2 Timothy 1

This devotional is written by Graeme English.

2 Timothy 1

Paul, an apostle of Christ Jesus by the will of God, in keeping with the promise of life that is in Christ Jesus,

2 To Timothy, my dear son:

Grace, mercy and peace from God the Father and Christ Jesus our Lord.

Thanksgiving
3 I thank God, whom I serve, as my ancestors did, with a clear conscience, as night and day I constantly remember you in my prayers. 4 Recalling your tears, I long to see you, so that I may be filled with joy. 5 I am reminded of your sincere faith, which first lived in your grandmother Lois and in your mother Eunice and, I am persuaded, now lives in you also.
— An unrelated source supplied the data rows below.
Lemma mulR_emb_eigenr z c f g : Ml %| ('X - z%:P) * g ->
  mulR al be c (E f g) = E (ycomb (fun t => z ^+ t) c * f) g.
Proof.
move=> dvd_g; rewrite mulR_embr /ycomb mulr_suml emb_suml; apply: eq_bigr => t _.
by rewrite (emb_mulXn_eigen _ _ dvd_g) -embZl -scalerAl.
Qed.

Lemma dotRC c d : dotR c d = dotR d c.
Proof. by apply: eq_bigr => i _; apply: eq_bigr => j _; rewrite mulrC. Qed.

Lemma dotR_emb f g d :
  dotR (E f g) d = \sum_(i < s) (f %% Ms)`_i * (ycomb (fun t => (g %% Ml)`_t) d)`_i.
Proof.
apply: eq_bigr => i _; rewrite coef_ycomb mulr_sumr; apply: eq_bigr => t _.
by rewrite embE mulrA.
Qed.

Lemma dotR_emb_emb f g f' g' : dotR (E f g) (E f' g') =
  (\sum_(i < s) (f %% Ms)`_i * (f' %% Ms)`_i) * \sum_(t < l) (g %% Ml)`_t * (g' %% Ml)`_t.
Proof.
rewrite mulr_suml; apply: eq_bigr => i _; rewrite mulr_sumr; apply: eq_bigr => t _.
by rewrite !embE mulrACA.
Qed.

Lemma dotR_sumr c (I : Type) (r : seq I) (P : pred I) (G : I -> 'M[F]_(s, l)) :
  dotR c (\sum_(i <- r | P i) G i) = \sum_(i <- r | P i) dotR c (G i).
Proof.
apply: (big_morph (dotR c)) => [d d'|]; rewrite /dotR.
  rewrite -big_split; apply: eq_bigr => i _; rewrite -big_split.
  by apply: eq_bigr => t _; rewrite mxE mulrDr.
by rewrite big1 // => i _; rewrite big1 // => t _; rewrite mxE mulr0.
Qed.

Lemma dotR0r c : dotR c 0 = 0.
Proof. by rewrite /dotR big1 // => i _; rewrite big1 // => t _; rewrite mxE mulr0. Qed.

Lemma dotRZr c k d : dotR c (k *: d) = k * dotR c d.
Proof.
rewrite /dotR mulr_sumr; apply: eq_bigr => i _; rewrite mulr_sumr.
by apply: eq_bigr => t _; rewrite mxE mulrCA.
Qed.

End Embedding.

Section EtaCoordinates.
Variables (F : fieldType) (s l r : nat) (al be w : F).
Hypotheses (s_gt0 : (0 < s)%N) (l_gt0 : (0 < l)%N).
Hypotheses (w_prim : (r * l)%N.-primitive_root w) (w_l : w ^+ l = be).
Local Notation E := (emb s l al be).
Local Notation Ms := (md s al).
Local Notation Ml := (md l be).
Local Notation eta := (etaL r w).
Local Notation etas j := (recip_n l.-1 (etaL r w j)).
Local Notation node := (node r w).
Local Notation kappa := (etaL_lead r w).
Implicit Types (j k : 'I_l) (c d : 'M[F]_(s, l)) (u : {poly F}).

Lemma etaL_modp j : eta j %% Ml = eta j.
Proof. exact/modp_md_small/(size_etaL l_gt0 w_prim w_l). Qed.

Lemma recip_etaL_modp j : etas j %% Ml = etas j.
Proof. exact/modp_md_small/size_recip_etaL. Qed.

Lemma md_dvdp_etaL j : Ml %| ('X - (node j)%:P) * eta j.
Proof. by rewrite mulrC (etaL_mulXsubC l_gt0 w_prim w_l) dvdpZr ?etaL_lead_neq0 ?dvdpp. Qed.

Lemma dotR_emb_recip_etaL c u j : dotR c (E u (etas j)) =
  kappa j * \sum_(i < s) (u %% Ms)`_i * (ycomb (fun t => node j ^+ t) c)`_i.
Proof.
rewrite dotRC dotR_emb recip_etaL_modp mulr_sumr; apply: eq_bigr => i _.
rewrite mulrCA; congr (_ * _); rewrite !coef_ycomb mulr_sumr; apply: eq_bigr => t _.
by rewrite (coef_recip_etaL l_gt0 w_prim w_l) // mulrA.
Qed.

Lemma emb_recip_etaL_decomp d :
  d = \sum_(j < l) E ((kappa j)^-1 *: ycomb (fun t => (eta j)`_t) d) (etas j).
Proof.
apply/matrixP => i t'; rewrite summxE.
transitivity (\sum_(t < l) d i t * \sum_(j < l) (eta j)`_t * node j ^+ t').
  under eq_bigr do rewrite (sum_coef_etaL_node l_gt0 w_prim w_l).
  by rewrite (bigD1 t') //= eqxx mulr1 big1 ?addr0 // => t /negPf ->; rewrite mulr0.
under eq_bigr do rewrite mulr_sumr.
rewrite exchange_big /=; apply: eq_bigr => j _.
rewrite embE recip_etaL_modp (modp_md_small _ s_gt0); last first.
  exact: leq_trans (size_scale_leq _ _) (size_ycomb _ _).
rewrite coefZ coef_ycomb (coef_recip_etaL l_gt0 w_prim w_l) // mulr_sumr mulr_suml.
apply: eq_bigr => t _; have := etaL_lead_neq0 l_gt0 w_prim j.
by move: (kappa j) => k k_neq0; field.
Qed.

Lemma dotR_emb_Xn_etaL (i0 : 'I_s) k j u :
  dotR (E 'X^i0 (eta k)) (E u (etas j)) = (k == j)%:R * kappa j * (u %% Ms)`_i0.
Proof.
rewrite dotR_emb_emb etaL_modp recip_etaL_modp (sum_coef_etaL_recip l_gt0 w_prim w_l).
rewrite (modp_md_small _ s_gt0) ?size_polyXn // mulrC; congr (_ * _).
rewrite (bigD1 i0) //= coefXn eqxx mul1r big1 ?addr0 // => i /negPf i_neq_i0.
by rewrite coefXn val_eqE i_neq_i0 mul0r.
Qed.

Lemma emb_recip_etaL_eq0 u j : E u (etas j) = 0 -> u %% Ms = 0.
Proof.
move=> u0; apply: (modp_md_eq0 s_gt0) => i0; apply/eqP.
have := dotR_emb_Xn_etaL i0 j j u; rewrite u0 dotR0r eqxx mul1r => /esym/eqP.
by rewrite mulf_eq0 (negPf (etaL_lead_neq0 l_gt0 w_prim j)).
Qed.

Lemma sum_emb_recip_etaL_eq0 (u : 'I_l -> {poly F}) :
  \sum_(j < l) E (u j) (etas j) = 0 -> forall k, u k %% Ms = 0.
Proof.
move=> sum0 k; apply: (modp_md_eq0 s_gt0) => i0; apply/eqP.
have := congr1 (dotR (E 'X^i0 (eta k))) sum0; rewrite dotR_sumr dotR0r.
rewrite (bigD1 k) //= big1 => [|j /negPf j_neq_k]; last first.
  by rewrite dotR_emb_Xn_etaL eq_sym j_neq_k !mul0r.
rewrite addr0 dotR_emb_Xn_etaL eqxx mul1r => /eqP.
by rewrite mulf_eq0 (negPf (etaL_lead_neq0 l_gt0 w_prim k)).
Qed.

End EtaCoordinates.

Lemma flatten_map_bigcat (T : Type) (l : nat) (X : 'I_l -> seq T) :
  flatten [seq X j | j <- enum 'I_l] = \big[cat/[::]]_(j < l) X j.
Proof. by rewrite /flatten foldrE big_map enumT. Qed.

Section DualCode.
Variables (F : finFieldType) (s l r : nat) (alpha beta w : F).
Variables (C : {set 'M[F]_(s, l)}) (p p' : 'I_l -> {poly F}).
Hypotheses (s_gt0 : (0 < s)%N) (l_gt0 : (0 < l)%N).
Hypotheses (alpha2 : alpha ^+ 2 = 1) (beta2 : beta ^+ 2 = 1).
Hypotheses (w_prim : (r * l)%N.-primitive_root w) (w_l : w ^+ l = beta).
Hypothesis C_ideal : isIdealR alpha beta C.
Hypothesis C_etaL : forall j (f : {poly F}),
  emb s l alpha beta f (etaL r w j) \in C <-> exists g : {poly F}, md s alpha %| f - g * p j.
Hypothesis pp' : forall j, p j * p' j = md s alpha.

Local Notation E := (emb s l alpha beta).
Local Notation Ms := (md s alpha).
Local Notation eta := (etaL r w).
Local Notation etas j := (recip_n l.-1 (etaL r w j)).
Local Notation node := (node r w).
Local Notation kappa := (etaL_lead r w).
Local Notation a j := (size (p j)).-1.
Local Notation q j := (recip (p' j)).
Implicit Types (j k : 'I_l) (c d v : 'M[F]_(s, l)) (f u H : {poly F}).

Lemma mem_dualR v : v \in dualR C <-> (forall c, c \in C -> dotR c v = 0).
Proof.
rewrite inE; split => [/forallP orth_v c c_in | orth_v].
  by apply/eqP; move/implyP: (orth_v c); apply.
by apply/forallP => c; apply/implyP => /orth_v ->.
Qed.

Lemma dualR_sum (I : Type) (rs : seq I) (P : pred I) (G : I -> 'M[F]_(s, l)) :
  (forall i, P i -> G i \in dualR C) -> \sum_(i <- rs | P i) G i \in dualR C.
Proof.
move=> dual_G; apply/mem_dualR => c c_in; rewrite dotR_sumr big1 // => i P_i.
exact: (mem_dualR _).1 (dual_G i P_i) c c_in.
Qed.

Lemma dualRZ (k : F) v : v \in dualR C -> k *: v \in dualR C.
Proof.
by move=> /mem_dualR orth_v; apply/mem_dualR => c /orth_v; rewrite dotRZr => ->; rewrite mulr0.
Qed.

Lemma ycomb_node_dvdp c j : c \in C ->
  exists g : {poly F}, Ms %| ycomb (fun t => node j ^+ t) c - g * p j.
Proof.
case: C_ideal => _ _ C_mul c_in; apply/C_etaL; rewrite -[ycomb _ _]mul1r.
by rewrite -(mulR_emb_eigenl _ s_gt0 l_gt0 _ _ (md_dvdp_etaL l_gt0 w_prim w_l j)) C_mul.
Qed.

Lemma emb_recip_dual j H : (size H <= a j)%N -> E (H * q j) (etas j) \in dualR C.
Proof.
move=> le_H; apply/mem_dualR => c /(ycomb_node_dvdp j) [g /modp_dvdp_sub ycomb_eq].
rewrite (dotR_emb_recip_etaL _ l_gt0 w_prim w_l).
rewrite modp_md_small ?(size_mul_recip s_gt0 (pp' j)) //.
have -> : ycomb (fun t => node j ^+ t) c = (g * p j) %% Ms.
  by rewrite -ycomb_eq modp_md_small ?size_ycomb.
rewrite -[RHS](mulr0 (kappa j)) -[in RHS](recip_factor_orth s_gt0 (pp' j) g le_H).
by congr (_ * _); apply: eq_bigr => i _; rewrite mulrC.
Qed.

Lemma ycomb_etaL_orth d j g : d \in dualR C ->
  \sum_(i < s) ((g * p j) %% Ms)`_i * (ycomb (fun t => (eta j)`_t) d)`_i = 0.
Proof.
move/mem_dualR => orth_d; have gp_in : E (g * p j) (eta j) \in C.
  by apply/C_etaL; exists g; rewrite subrr dvdp0.
by rewrite -[RHS](orth_d _ gp_in) dotR_emb (etaL_modp l_gt0 w_prim w_l).
Qed.
Lemma Epi_aux0_refine p l : forall l', incr p l -> incr p l' -> last l p = last l' p ->
  (forall y, In y l -> In y l') ->
  forall u i, (i < d)%nat -> Epi_aux d P zero_src p l u i <= Epi_aux d P zero_src p l' u i.
Proof.
  revert p; induction l as [| x r IH]; intros p l' Hl Hl' Hlast Hin u i Hi.
  - simpl in Hlast; symmetry in Hlast; rewrite (incr_last_eq_nil p l' Hl' Hlast); simpl; lra.
  - destruct (split_at_In p l' x (Hin x (or_introl eq_refl))) as [l1 [l2 [-> Hx]]].
    rewrite Epi_aux_app, Hx.
    apply incr_app in Hl'; destruct Hl' as [Hl1 Hl2]; rewrite Hx in Hl2.
    destruct Hl as [H1 H2]; cbn [Epi_aux].
    eapply Rle_trans; [| rewrite <- Hx at 1; apply Eh0_le_Epi_aux; auto].
    rewrite Hx; apply (Eh_mono zero_src zero_src_le); auto; [lra |].
    intros j Hj; apply IH; auto.
    + rewrite last_app, Hx, last_cons in Hlast; auto.
    + intros y Hy; assert (x < y) by apply (incr_gt x r y H2 Hy).
      specialize (Hin y (or_intror Hy)); apply in_app_or in Hin; destruct Hin as [Hin | Hin]; auto.
      assert (y <= last l1 p) by (apply incr_le_last; auto); lra.
Qed.

Section Sigma.
Variable v : vec.
Variable C : R.
Hypothesis HC : forall q, P q -> forall l, (l < d)%nat -> Rabs (mv d q v l) <= C.

Lemma Epi_aux0_le_part t l i : (i < d)%nat -> is_part t l ->
  Epi_aux d P zero_src 0 l v i <= v i + C * t.
Proof.
  intros Hi [Hl1 Hl2]; pose proof (Epi_aux0_bounds 0 l v C Hl1 HC i Hi).
  rewrite Hl2 in H; lra.
Qed.

Lemma Epi_aux0_le_Nisio t l i : (i < d)%nat -> is_part t l ->
  Epi_aux d P zero_src 0 l v i <= Nisio d P zero_src t v i.
Proof.
  intros Hi Hl; rewrite <- (Epi_Epi_aux zero_src zero_src_le) by auto.
  apply (vsup_ub _ i (v i + C * t)); [| exists l; auto].
  intros v' [l' [Hl' ->]]; rewrite (Epi_Epi_aux zero_src zero_src_le) by auto.
  apply (Epi_aux0_le_part t); auto.
Qed.

Lemma Nisio0_le t i B : 0 <= t -> (i < d)%nat ->
  (forall l, is_part t l -> Epi_aux d P zero_src 0 l v i <= B) -> Nisio d P zero_src t v i <= B.
Proof.
  intros Ht Hi HB; apply vsup_le.
  - destruct (is_part_exists t Ht) as [l Hl]; exists (Epi d P zero_src l v), l; auto.
  - intros v' [l [Hl ->]]; rewrite (Epi_Epi_aux zero_src zero_src_le); auto.
Qed.

Lemma Nisio0_0 i : (i < d)%nat -> Nisio d P zero_src 0 v i = v i.
Proof.
  intros Hi; apply Rle_antisym.
  - apply Nisio0_le; auto; [lra |].
    intros l [Hl1 Hl2]; rewrite (incr_last_eq_nil 0 l Hl1 Hl2); simpl; lra.
  - change (v i) with (Epi_aux d P zero_src 0 [] v i); apply Epi_aux0_le_Nisio; auto.
    split; simpl; auto.
Qed.
(* Let $\vec H$ be a DAG with $k$ vertices. Then $\mathrm{dtd}(\vec H)\le\lfloor k/4\rfloor+2$.
   Context: For a DAG $\vec H$, a source is a vertex of in-degree $0$. A DAG elimination forest of a DAG $\vec H$ is defined recursively: if $\vec H$ is empty, it is the empty forest; if the underlying undirected graph of $\vec H$ is disconnected, it is the union of DAG elimination forests (trees) of its connected components; if the underlying graph is connected and $\vec H$ has exactly one source $s$, it is the single-node tree $s$; otherwise (connected, at least two sources) it is a tree whose root is an arbitrarily chosen source $s$ of $\vec H$ and whose subtrees are the trees of a DAG elimination forest of the DAG obtained from $\vec H$ by deleting $s$ and all vertices reachable from $s$. The depth of a rooted forest is the maximum number of nodes on a root-to-leaf path. $\mathrm{dtd}(\vec H)$ is the minimum depth of a DAG elimination forest of $\vec H$. *)

From mathcomp Require Import all_boot.
Set Implicit Arguments. Unset Strict Implicit. Unset Printing Implicit Defensive.

(* Rooted trees whose nodes are labelled by vertices. A rooted forest is a
   [seq (etree T)]. *)
Inductive etree (T : Type) := ENode of T & seq (etree T).

Definition eroot T (t : etree T) : T := let: ENode s _ := t in s.

(* depth = maximum number of nodes on a root-to-leaf path *)
Fixpoint tree_depth T (t : etree T) : nat :=
  let: ENode _ ch := t in
  (foldr maxn 0 ((fix aux (l : seq (etree T)) : seq nat :=
      match l with [::] => [::] | t' :: l' => tree_depth t' :: aux l' end) ch)).+1.

Definition forest_depth T (F : seq (etree T)) : nat := foldr maxn 0 (map (@tree_depth T) F).

Section DAG.
Variables (T : finType) (e : rel T).

Definition dag : Prop := forall x y, e x y -> ~~ connect e y x.

Definition adj (V : {set T}) := [rel x y | [&& x \in V, y \in V & e x y]].
Definition uadj (V : {set T}) := [rel x y | adj V x y || adj V y x].
Definition comp (V : {set T}) (x : T) : {set T} := [set y in V | connect (uadj V) x y].
Definition components (V : {set T}) : {set {set T}} := [set comp V x | x in V].
Definition reach (V : {set T}) (s : T) : {set T} := [set y in V | connect (adj V) s y].
Definition sources (V : {set T}) : {set T} := [set s in V | [forall x in V, ~~ e x s]].

(* F consists of exactly one tree per connected component of V; the tree t
   is associated with the component of its root. *)
Definition forest_cover (V : {set T}) (F : seq (etree T)) : bool :=
  uniq [seq comp V (eroot t) | t <- F] &&
  ([set:: [seq comp V (eroot t) | t <- F]] == components V).

Fixpoint is_elim_tree (C : {set T}) (t : etree T) {struct t} : bool :=
  let: ENode s ch := t in
  [&& s \in sources C &
      if #|sources C| == 1 then nilp ch
      else
        let C' := C :\: reach C s in
        forest_cover C' ch &&
        (fix aux (l : seq (etree T)) : bool :=
           match l with
           | [::] => true
           | t' :: l' => is_elim_tree (comp C' (eroot t')) t' && aux l'
           end) ch].

(* DAG elimination forest of the sub-DAG induced on V: empty if V is empty;
   one elimination tree per connected component otherwise (a single tree
   when V is connected). *)
Definition is_elim_forest (V : {set T}) (F : seq (etree T)) : bool :=
  forest_cover V F && all (fun t => is_elim_tree (comp V (eroot t)) t) F.

Definition dtd_le (V : {set T}) (d : nat) : Prop :=
  exists F, is_elim_forest V F /\ forest_depth F <= d.

End DAG.

From Pilot Require Import Defs.
From mathcomp Require Import all_boot zify.
(* [all_boot] shadows [Defs.comp] with ssrfun's function composition. *)
Import Defs.
Set Implicit Arguments. Unset Strict Implicit. Unset Printing Implicit Defensive.

(* Call a vertex shared when at least two sources reach it. If some source of a
   connected DAG on k vertices reaches at least four vertices, make it the
   root: every remaining component has at most k - 4 vertices. Otherwise each
   source reaches at most two shared vertices while each shared vertex is
   reached by at least two sources, so there are at most as many shared
   vertices as sources, i.e. at most k/2 of them. Components of what remains
   after deleting a source and everything it reaches are closed under
   predecessors, so they inherit both sources and sharedness from the whole
   graph. Rooting at a source that reaches two shared vertices thus lowers
   their number by two; if no such source exists, the graph has at most one
   shared vertex, and a single source when it has none. Hence m shared
   vertices give depth at most ceil(m/2) + 1 <= floor(k/4) + 2. *)

Lemma tree_depth_ENode (T : Type) (s : T) (ch : seq (etree T)) :
  tree_depth (ENode s ch) = (forest_depth ch).+1.
Proof. by rewrite /= /forest_depth; congr (_.+1); elim: ch => //= t ch ->. Qed.

Section DagElimination.
Variables (T : finType) (e : rel T).
Implicit Types (V W C : {set T}) (s v x y : T).

Lemma is_elim_tree_ENode C s ch :
  is_elim_tree e C (ENode s ch) =
  (s \in sources e C) &&
  (if #|sources e C| == 1 then nilp ch else
     forest_cover e (C :\: reach e C s) ch &&
     all (fun t => is_elim_tree e (comp e (C :\: reach e C s) (eroot t)) t) ch).
Proof. by rewrite /=; congr (_ && _); case: ifP. Qed.

Definition has_elim_tree C d :=
  exists t, [/\ is_elim_tree e C t, eroot t \in C & tree_depth t <= d].

Lemma has_elim_tree_mono C d d' :
  d <= d' -> has_elim_tree C d -> has_elim_tree C d'.
Proof. by move=> le_dd' [t [? ? /leq_trans]]; exists t; split; auto. Qed.

Lemma connect_uadj_sym V : connect_sym (uadj e V).
Proof. by apply: sym_connect_sym => x y; rewrite /= orbC. Qed.

Lemma comp_sub V x : comp e V x \subset V.
Proof. by apply/subsetP => y; rewrite inE => /andP[]. Qed.

Lemma comp_refl V x : x \in V -> x \in comp e V x.
Proof. by move=> xV; rewrite inE xV connect0. Qed.

Lemma comp_eq V x y : y \in comp e V x -> comp e V y = comp e V x.
Proof.
rewrite inE => /andP[_ cxy]; apply/setP => z; rewrite !inE.
by rewrite (same_connect (connect_uadj_sym V) cxy).
Qed.

Lemma uadj_mem V x y : uadj e V x y -> (x \in V) && (y \in V).
Proof. by case/orP=> /and3P[-> -> _]. Qed.

Lemma elim_forest_of_trees V d :
  (forall x, x \in V -> has_elim_tree (comp e V x) d) -> dtd_le e V d.
Proof.
move=> trees.
suff [F [mapF allF dF]] : exists F, [/\ [seq comp e V (eroot t) | t <- F] =
     enum (components e V),
     all (fun t => is_elim_tree e (comp e V (eroot t)) t) F & forest_depth F <= d].
  by exists F; rewrite /is_elim_forest /forest_cover allF mapF enum_uniq set_enum eqxx.
have : {subset enum (components e V) <= components e V} by move=> X; rewrite mem_enum.
elim: (enum _) => [|X cs IH] sub; first by exists [::].
have [F [mapF allF dF]] := IH (fun Y Ycs => sub Y (mem_behead (s := X :: cs) Ycs)).
have /imsetP[x xV ->] := sub X (mem_head _ _).
have [t [tree_t /comp_eq rt dt]] := trees x xV.
by exists (t :: F); rewrite /= rt mapF tree_t allF /forest_depth /= geq_max dt.
Qed.

Lemma has_elim_tree_single_source C s :
  s \in sources e C -> #|sources e C| = 1 -> has_elim_tree C 1.
Proof.
move=> sS one_src; exists (ENode s [::]).
by rewrite is_elim_tree_ENode sS one_src tree_depth_ENode; case/setIdP: sS.
Qed.

Lemma has_elim_tree_root C s d :
  s \in sources e C -> dtd_le e (C :\: reach e C s) d -> has_elim_tree C d.+1.
Proof.
move=> sS [F [/andP[coverF treesF] dF]].
have [one_src|] := eqVneq #|sources e C| 1.
  exact: has_elim_tree_mono (has_elim_tree_single_source sS one_src).
move=> /negbTE many_src; exists (ENode s F).
by rewrite is_elim_tree_ENode sS many_src coverF treesF tree_depth_ENode ltnS;
  case/setIdP: sS.
Qed.

Definition connected C := forall x y, x \in C -> y \in C -> connect (uadj e C) x y.

Lemma comp_connected V x : x \in V -> connected (comp e V x).
Proof.
move=> xV; set C := comp e V x.
have path_in_comp p a : a \in C -> path (uadj e V) a p ->
    connect (uadj e C) a (last a p).
  elim: p a => [|z p IH] a aC /=; first by rewrite connect0.
  case/andP=> uaz pz.
  have zC : z \in C.
    case/setIdP: aC => _ cxa; case/andP: (uadj_mem uaz) => _ zV.
    by rewrite inE zV (connect_trans cxa) ?connect1.
  apply: connect_trans (IH z zC pz); apply: connect1.
  by case/orP: uaz => /and3P[_ _ exy]; rewrite /= aC zC exy ?orbT.
have from_x y : y \in C -> connect (uadj e C) x y.
  case/setIdP=> _ /connectP[p pp ->]; exact: path_in_comp (comp_refl xV) pp.
by move=> y z yC zC; rewrite (connect_trans _ (from_x z zC)) // connect_uadj_sym from_x.
Qed.

Lemma connected_const (X : Type) (f : T -> X) C :
  connected C -> (forall x y, x \in C -> y \in C -> e x y -> f x = f y) ->
  {in C &, forall x y, f x = f y}.
Proof.
move=> cC f_edge x y xC yC; have /connectP[p pp ->] := cC x y xC yC.
elim: p x xC pp {yC} => [|z p IH] x xC //= /andP[uxz pz].
have /andP[_ zC] := uadj_mem uxz; rewrite -(IH z zC pz).
by case/orP: uxz => /and3P[_ _ ?]; [exact: f_edge | symmetry; exact: f_edge].
Qed.

Definition pred_closed W V :=
  W \subset V /\ forall x y, x \in V -> y \in W -> e x y -> x \in W.

Lemma connect_adj_subset W V x y :
  W \subset V -> connect (adj e W) x y -> connect (adj e V) x y.
Proof.
move=> /subsetP sWV; apply: connect_sub => a b /and3P[aW bW eab].
by rewrite connect1 //= !sWV.
Qed.

Lemma pred_closed_connect W V x y :
  pred_closed W V -> connect (adj e V) x y -> y \in W ->
  x \in W /\ connect (adj e W) x y.
Proof.
move=> [_ clW] /connectP[p]; elim: p x => [|z p IH] x /=.
  by move=> _ -> yW; rewrite connect0.
case/andP=> /and3P[xV _ exz] pz ey yW.
have [zW czy] := IH z pz ey yW; have xW := clW _ _ xV zW exz.
by split=> //; apply: connect_trans czy; rewrite connect1 //= xW zW.
Qed.

Lemma pred_closed_trans W V C :
  pred_closed W V -> pred_closed V C -> pred_closed W C.
Proof.
move=> [sWV clW] [sVC clV]; split; first exact: subset_trans sVC.
by move=> x y xC yW exy; apply: clW (clV _ _ xC (subsetP sWV y yW) exy) yW exy.
Qed.

Lemma pred_closed_comp V x : pred_closed (comp e V x) V.
Proof.
split=> [|u y uV /setIdP[yV cxy] euy]; first exact: comp_sub.
by rewrite inE uV (connect_trans cxy) // connect1 //= uV yV euy orbT.
Qed.

Lemma pred_closed_reach_compl C s : pred_closed (C :\: reach e C s) C.
Proof.
split=> [|x y xC /setDP[yC nyR] exy]; first exact: subsetDl.
rewrite inE xC andbT; apply: contra nyR => /setIdP[_ csx].
by rewrite inE yC (connect_trans csx) // connect1 //= xC yC.
Qed.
Appeal for loyalty to Paul and the gospel
6 For this reason I remind you to fan into flame the gift of God, which is in you through the laying on of my hands. 7 For the Spirit God gave us does not make us timid, but gives us power, love and self-discipline. 8 So do not be ashamed of the testimony about our Lord or of me his prisoner. Rather, join with me in suffering for the gospel, by the power of God. 9 He has saved us and called us to a holy life – not because of anything we have done but because of his own purpose and grace. This grace was given us in Christ Jesus before the beginning of time, 10 but it has now been revealed through the appearing of our Saviour, Christ Jesus, who has destroyed death and has brought life and immortality to light through the gospel. 11 And of this gospel I was appointed a herald and an apostle and a teacher. 12 That is why I am suffering as I am. Yet this is no cause for shame, because I know whom I have believed, and am convinced that he is able to guard what I have entrusted to him until that day.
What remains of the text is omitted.